##### DATASET ENTRIES

Lemma tree_embedding :
  exists f : V -> W, injective f /\ forall u v, e u v -> blue (f u) (f v).
Proof.
have grow k : k < #|V| ->
    exists (D : {set V}) (f : V -> W), #|D| = k.+1 /\ partial_embedding D f.
  elim: k => [_|k IH ltkV].
    by have [f emb] := partial_embedding_root; exists [set r], f; rewrite cards1.
  have [D [f [cardD emb]]] := IH (ltnW ltkV).
  have ltDV : #|D| < #|V| by rewrite cardD.
  have [b [f' [bD emb']]] := partial_embedding_extend emb ltDV.
  by exists (b |: D), f'; rewrite cardsU1 bD cardD.
have ltV : #|V|.-1 < #|V| by rewrite ltn_predL; apply/card_gt0P; exists r.
have [D [f [cardD [_ _ inj arcs _]]]] := grow _ ltV.
have DT : D = setT.
  by apply/eqP; rewrite eqEcard subsetT cardsT cardD (ltn_predK ltV) /=.
exists f; split=> [u v|u v]; [apply: inj | apply: arcs]; by rewrite DT.
Qed.

End TreeEmbedding.

Lemma red_layering (T : finType) (red : rel T) :
  exists (L : T -> nat) (anc : T -> seq T), [/\
    forall n v, n.-1 <= L v -> exists f : 'I_n -> T,
      injective f /\ forall i j, dpath_rel i j -> red (f i) (f j),
    forall x y, y != x -> L x <= L y -> y \notin anc x -> ~~ red x y &
    forall x, {in anc x &, injective L}].
Proof.
have reach_all : reachable_within red setT setT.
  by move=> v _; exists v; rewrite ?inE.
have [po [anc dfs]] := dfs_order_exists reach_all.
pose pos x := index x po.
have in_po x : x \in po by rewrite (dfs_mem dfs) in_setT.
pose L := desc_len red pos (size po).
have L_lt x y : red x y -> pos y < pos x -> L y < L x.
  by apply: desc_len_lt; rewrite index_mem.
exists L, anc; split.
- by move=> n v; apply: desc_len_dpath.
- move=> x y yx Lxy; apply: contra => rxy.
  have [lt_xy|lt_yx|eq_xy] := ltngtP (pos x) (pos y).
  + exact: (dfs_back dfs).
  + by move: Lxy; rewrite leqNgt L_lt.
  + by move: yx; rewrite (index_inj x (in_po x) (in_po y) eq_xy) eqxx.
- move=> x; apply: (@path_ltn_key_inj _ _ x).
  apply: sub_path (dfs_anc_path dfs (in_setT x)) => b a /andP[].
  exact: L_lt.
Qed.

Theorem mainTheorem15 :
  exists c : nat, forall (n : nat) (V : finType) (e : rel V),
    0 < n -> out_tree e ->
    exists N, N <= c * (n + #|V|) /\ ramsey_prop (@dpath_rel n) e N.
Proof.
exists 1 => n V e _ tree; exists (n + #|V|); split; first by rewrite mul1n.
move=> col; have [L [anc [long_red no_red up_anc]]] := red_layering col.
have [/existsP[v hv]|/existsPn short] := boolP [exists v, n.-1 <= L v].
  by left; apply: long_red hv.
right; have [r [reach_r no_arc_to_r parent_uniq]] := out_tree_rooted tree.
have lay_lt w : L w < n.-1 by rewrite ltnNge short.
have card_W : #|V| + n.-1 <= #|'I_(n + #|V|)|.
  by rewrite card_ord addnC leq_add2r leq_pred.
have [f [inj arcs]] := tree_embedding reach_r no_arc_to_r parent_uniq
  (blue := fun x y => ~~ col x y) lay_lt no_red up_anc card_W.
by exists f; split=> // u v /arcs /negbTE.
Qed.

##########

Everything from the first line above up to and including the line that contains "have ltV : #|V|.-1" should be printed exactly; please print only that.

## OUTPUT OF THE TASK:
Lemma tree_embedding :
  exists f : V -> W, injective f /\ forall u v, e u v -> blue (f u) (f v).
Proof.
have grow k : k < #|V| ->
    exists (D : {set V}) (f : V -> W), #|D| = k.+1 /\ partial_embedding D f.
  elim: k => [_|k IH ltkV].
    by have [f emb] := partial_embedding_root; exists [set r], f; rewrite cards1.
  have [D [f [cardD emb]]] := IH (ltnW ltkV).
  have ltDV : #|D| < #|V| by rewrite cardD.
  have [b [f' [bD emb']]] := partial_embedding_extend emb ltDV.
  by exists (b |: D), f'; rewrite cardsU1 bD cardD.
have ltV : #|V|.-1 < #|V| by rewrite ltn_predL; apply/card_gt0P; exists r.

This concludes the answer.